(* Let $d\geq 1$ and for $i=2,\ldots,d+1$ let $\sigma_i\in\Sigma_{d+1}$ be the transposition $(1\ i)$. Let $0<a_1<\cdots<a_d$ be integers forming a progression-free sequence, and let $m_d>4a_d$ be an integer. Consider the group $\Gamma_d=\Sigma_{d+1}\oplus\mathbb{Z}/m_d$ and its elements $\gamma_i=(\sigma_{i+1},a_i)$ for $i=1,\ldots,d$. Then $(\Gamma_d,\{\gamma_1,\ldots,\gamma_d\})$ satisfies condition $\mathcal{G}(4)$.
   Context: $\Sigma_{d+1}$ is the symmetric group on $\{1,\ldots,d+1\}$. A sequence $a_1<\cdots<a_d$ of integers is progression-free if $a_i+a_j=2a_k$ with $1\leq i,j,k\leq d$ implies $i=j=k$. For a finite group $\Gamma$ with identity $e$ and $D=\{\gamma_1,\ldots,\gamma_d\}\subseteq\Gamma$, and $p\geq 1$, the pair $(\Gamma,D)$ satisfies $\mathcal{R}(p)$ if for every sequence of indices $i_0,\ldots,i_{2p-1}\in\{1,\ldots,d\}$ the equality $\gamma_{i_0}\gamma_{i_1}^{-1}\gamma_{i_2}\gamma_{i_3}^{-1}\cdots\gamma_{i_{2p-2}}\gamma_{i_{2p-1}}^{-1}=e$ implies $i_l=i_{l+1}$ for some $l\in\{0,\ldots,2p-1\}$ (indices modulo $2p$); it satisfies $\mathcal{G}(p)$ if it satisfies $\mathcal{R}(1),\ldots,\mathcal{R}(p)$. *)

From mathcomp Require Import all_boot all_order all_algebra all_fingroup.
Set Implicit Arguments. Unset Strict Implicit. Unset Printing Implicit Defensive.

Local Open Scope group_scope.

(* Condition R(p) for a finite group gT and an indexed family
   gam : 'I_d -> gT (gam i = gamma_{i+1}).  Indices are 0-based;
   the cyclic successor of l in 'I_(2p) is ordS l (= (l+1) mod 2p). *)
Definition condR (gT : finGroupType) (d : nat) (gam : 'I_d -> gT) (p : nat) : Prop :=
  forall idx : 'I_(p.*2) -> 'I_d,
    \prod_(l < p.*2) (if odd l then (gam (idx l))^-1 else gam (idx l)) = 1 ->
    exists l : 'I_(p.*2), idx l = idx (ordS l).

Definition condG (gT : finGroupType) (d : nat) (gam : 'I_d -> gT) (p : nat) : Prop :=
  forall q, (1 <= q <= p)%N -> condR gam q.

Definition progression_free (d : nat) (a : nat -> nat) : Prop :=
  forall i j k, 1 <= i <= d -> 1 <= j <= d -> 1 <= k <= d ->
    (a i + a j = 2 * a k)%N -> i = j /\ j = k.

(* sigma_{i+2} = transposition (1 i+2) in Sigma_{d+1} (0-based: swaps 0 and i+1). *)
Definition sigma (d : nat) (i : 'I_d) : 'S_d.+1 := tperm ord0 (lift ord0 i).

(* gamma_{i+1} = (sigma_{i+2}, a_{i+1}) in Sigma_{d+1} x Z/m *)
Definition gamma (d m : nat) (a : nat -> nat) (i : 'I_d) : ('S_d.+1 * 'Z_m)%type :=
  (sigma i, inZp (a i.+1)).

____

For this exercise, copy the lines from the one that contains "the cyclic successor" through the last line of the records, exactly and only those.

   the cyclic successor of l in 'I_(2p) is ordS l (= (l+1) mod 2p). *)
Definition condR (gT : finGroupType) (d : nat) (gam : 'I_d -> gT) (p : nat) : Prop :=
  forall idx : 'I_(p.*2) -> 'I_d,
    \prod_(l < p.*2) (if odd l then (gam (idx l))^-1 else gam (idx l)) = 1 ->
    exists l : 'I_(p.*2), idx l = idx (ordS l).

Definition condG (gT : finGroupType) (d : nat) (gam : 'I_d -> gT) (p : nat) : Prop :=
  forall q, (1 <= q <= p)%N -> condR gam q.

Definition progression_free (d : nat) (a : nat -> nat) : Prop :=
  forall i j k, 1 <= i <= d -> 1 <= j <= d -> 1 <= k <= d ->
    (a i + a j = 2 * a k)%N -> i = j /\ j = k.

(* sigma_{i+2} = transposition (1 i+2) in Sigma_{d+1} (0-based: swaps 0 and i+1). *)
Definition sigma (d : nat) (i : 'I_d) : 'S_d.+1 := tperm ord0 (lift ord0 i).

(* gamma_{i+1} = (sigma_{i+2}, a_{i+1}) in Sigma_{d+1} x Z/m *)
Definition gamma (d m : nat) (a : nat -> nat) (i : 'I_d) : ('S_d.+1 * 'Z_m)%type :=
  (sigma i, inZp (a i.+1)).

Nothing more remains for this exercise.